Et contrairement aux ouvriers qui suent à grosses gouttes, les futurs lecteurs seront préservés de la chaleur.
"Grâce à la technique du pisé, on est sur un bâtiment qui va de lui-même garantir une fraîcheur et un confort intéressant", explique Camille Announ, dirigeant de l'entreprise Le Pisé, qui réalise la maçonnerie des travaux.
Cette technique "ancestrale", très répandue en Rhônes-Alpes jusqu'au début du XXe siècle du fait de la composition des sols, consiste à construire des murs en terre crue bien tassés avec des couches successives d'une dizaine de centimètres de hauteur, qui sècheront au soleil.
L'épaisseur des murs - environ 50 cm - et l'inertie thermique du matériau permettent un "effet tampon en cas de fortes chaleurs", explique Camille Announ, si bien qu'il fera aussi frais en été dans un bâtiment en pisé que dans une maison en pierre.
Mais "toutes les constructions en terre crue" bénéficient d'un autre atout : "la régulation hygrothermique", explique le maçon.
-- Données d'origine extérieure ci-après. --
Lemma qform_continuous m (K : 'M[R]_m) : continuous (fun x : 'rV[R]_m => qform K x^T).
Proof.
have sumC (F : 'I_m -> 'rV[R]_m -> R) :
    (forall i, continuous (F i)) -> continuous (fun x => \sum_i F i x).
  by move=> FC; apply: continuous_big => [|i _]; [exact: add_continuous | exact: FC].
have coordC i : continuous (fun x : 'rV[R]_m => x 0 i) := @coord_continuous R 1 m 0 i.
have -> : (fun x : 'rV[R]_m => qform K x^T) =
    (fun x => \sum_j (\sum_i x 0 i * K i j) * x 0 j).
  by apply/funext => x; rewrite /qform trmxK !mxE; under eq_bigr do rewrite !mxE.
apply: (sumC) => j x; apply: continuousM (coordC j x).
by apply: sumC => i y; apply: continuousM (coordC i y) _; exact: cst_continuous.
Qed.

Lemma exists_qform_min N m (M : 'M[R]_(N, m)) (r : 'rV[R]_m) (u : 'cV[R]_m) :
  qform (diag_mx r *m diag_mx r) u = 1 ->
  exists2 v, qform (diag_mx r *m diag_mx r) v = 1 &
    forall w, qform (diag_mx r *m diag_mx r) w = 1 ->
      qform (M^T *m M) v <= qform (M^T *m M) w.
Proof.
set A := M^T *m M; set B := diag_mx r *m diag_mx r => Bu.
set P := supp_proj r; set Phi := lsq_completion M r.
(* [P] maps the unit sphere [S] of [B] into [Box], since there a coordinate of
   nonzero weight [r 0 i] is bounded by [|r 0 i|^-1]. *)
pose c i : R := if r 0 i == 0 then 0 else `|r 0 i|^-1.
pose Box := [set x : 'rV[R]_m | forall i, `[- c i, c i]%classic (x 0 i)].
pose S := [set x : 'rV[R]_m | qform B x^T = 1].
have K_compact : compact (Box `&` S).
  apply: compact_closedI.
    by apply: (@rV_compact _ _ (fun i => `[- c i, c i]%classic)) => i; exact: segment_compact.
  have -> : S = (fun x : 'rV[R]_m => qform B x^T) @^-1` [set y | y = 1] by [].
  by apply: preimage_closed; [move=> x _; exact: qform_continuous | exact: closed_eq].
have P_K w : qform B w = 1 -> (Box `&` S) (P *m w)^T.
  move=> Bw; split; last first.
    by rewrite /S /= trmxK qform_mulmx_invariant ?diag2_supp_proj // trmx_mul !tr_diag_mx.
  move=> i /=; rewrite in_itv /= -ler_norml mxE supp_projE /c.
  case: eqP => [_|/eqP ri0]; first by rewrite mul0r normr0.
  rewrite mul1r sqrM_le1_norm // -Bw qform_diag2E (bigD1 i) //= lerDl.
  by apply: sumr_ge0 => k _; apply: sqr_ge0.
have Phi_cont : {within Box `&` S, continuous (fun x => qform A (Phi *m x^T))}.
  apply: continuous_subspaceT; under eq_fun do rewrite qform_mulmx.
  exact: qform_continuous.
have [x0 K_x0 x0_min] := EVT_min_rV (ex_intro _ _ (P_K u Bu)) K_compact Phi_cont.
exists (Phi *m x0^T).
  by rewrite qform_lsq_completion_diag2; rewrite inE in K_x0; case: K_x0.
move=> w Bw; apply: le_trans (qform_lsq_completion_le M r w).
by have := x0_min _ (mem_set (P_K w Bw)); rewrite /= trmxK mulmxA lsq_completion_supp_proj.
Qed.

Lemma gen_eigenvalue_min_le_qform N m (M : 'M[R]_(N, m)) (r : 'rV[R]_m) (lam : R) :
  (forall mu w, M^T *m M *m w = mu *: (diag_mx r *m diag_mx r *m w) ->
     qform (diag_mx r *m diag_mx r) w = 1 -> lam <= mu) ->
  forall u, qform (diag_mx r *m diag_mx r) u = 1 -> lam <= qform (M^T *m M) u.
Proof.
set A := M^T *m M; set B := diag_mx r *m diag_mx r => lam_min u Bu.
have [v Bv v_min] := exists_qform_min M Bu.
apply: le_trans (v_min u Bu); apply: lam_min (Bv).
apply: qform_min_gen_eigenvector v_min => //.
- by rewrite /A trmx_mul trmxK.
- by rewrite /B trmx_mul tr_diag_mx.
- exact: qform_gram_ge0.
- exact: qform_diag2_ge0.
Qed.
Concrètement, les murs en terre crue, ce "matériau vivant", ont le pouvoir de capter le surplus d’humidité en hiver et de l’évaporer en été, et donc de faire baisser la température ressentie : "C'est comme une climatisation naturelle !"
Bas carbone
Pisé en Rhône-Alpes, bauge en Bretagne, torchis dans l'Est ou en Normandie : les régions françaises disposent d'un "important patrimoine" de construction en terre crue, mais "on n'en a très peu conscience", affirme Mathieu Lecaille, chercheur à l'ENTPE, spécialiste de la construction durable.
À Montanay par exemple, la terre utilisée pour la médiathèque a été récupérée sur deux chantiers situés à moins de 3 km. "Notre matière première est super locale, on ne peut pas faire mieux niveau bilan carbone", affirme Julie Benezet, collaboratrice du cabinet Zeppelin architectes en charge du projet.
La fabrication du pisé ne nécessite "que de la terre et de l'eau", ajoute-t-elle, ainsi qu'un peu d'électricité. L'architecte montre la machine de préfabrication des blocs : la terre est simplement filtrée des gros cailloux, puis comprimée à l'aide d'une pilonneuse électrique, avant que les blocs ne soient démoulés et posés à leur emplacement définitif, sur un soubassement en béton protégeant des remontées d'humidité.
Photo d'un bloc de pisé sur le chantier de construction d'un immeuble de bureaux à Lyon. |
Photo d’archives : AFP/VNA/CVN |
Un processus qui ne nécessite pas de transformation à haute température, très émettrice de CO2, "contrairement au ciment", souligne M. Lecaille, louant aussi la recyclabilité "indéfinie" du pisé et l'absence de déchets.
"Changement d'époque"
Avec la "prise de conscience d'une transition écologique nécessaire, on est à un changement d'époque" : "il y a une vraie demande qui explose", confirme Camille Announ.
Chez Le Pisé, elle a été "décuplée depuis 2017", principalement portée par les constructions publiques, que la loi RE2020 oblige désormais à ne pas dépasser un certain seuil d'émissions de CO2 sur leur durée de vie.
Mais le pisé présente certaines limites.
La hauteur des bâtiments est généralement limitée à trois niveaux. C'est aussi un matériau "plus challengeant" que d'autres, estime Julie Benezet, dont le cabinet ne travaille pas que sur le pisé. Il faut réfléchir bien en amont du chantier "pour les menuiseries, les planchers, faire une ouverture", car "on ne peut pas faire des trous partout comme dans le béton !"
Le prix peut aussi être un frein. Malgré une matière première largement disponible et bon marché, la main d’œuvre spécialisée et la durée du chantier alourdissent le coût d'investissement.
Construire en pisé "prend du temps", explique l'architecte : les chantiers ne peuvent se faire qu'entre avril et octobre, et la terre peut mettre plusieurs mois à sécher complètement, en fonction de la météo. Mais bâtir écologiquement, c'est de toute façon "un jeu de patience".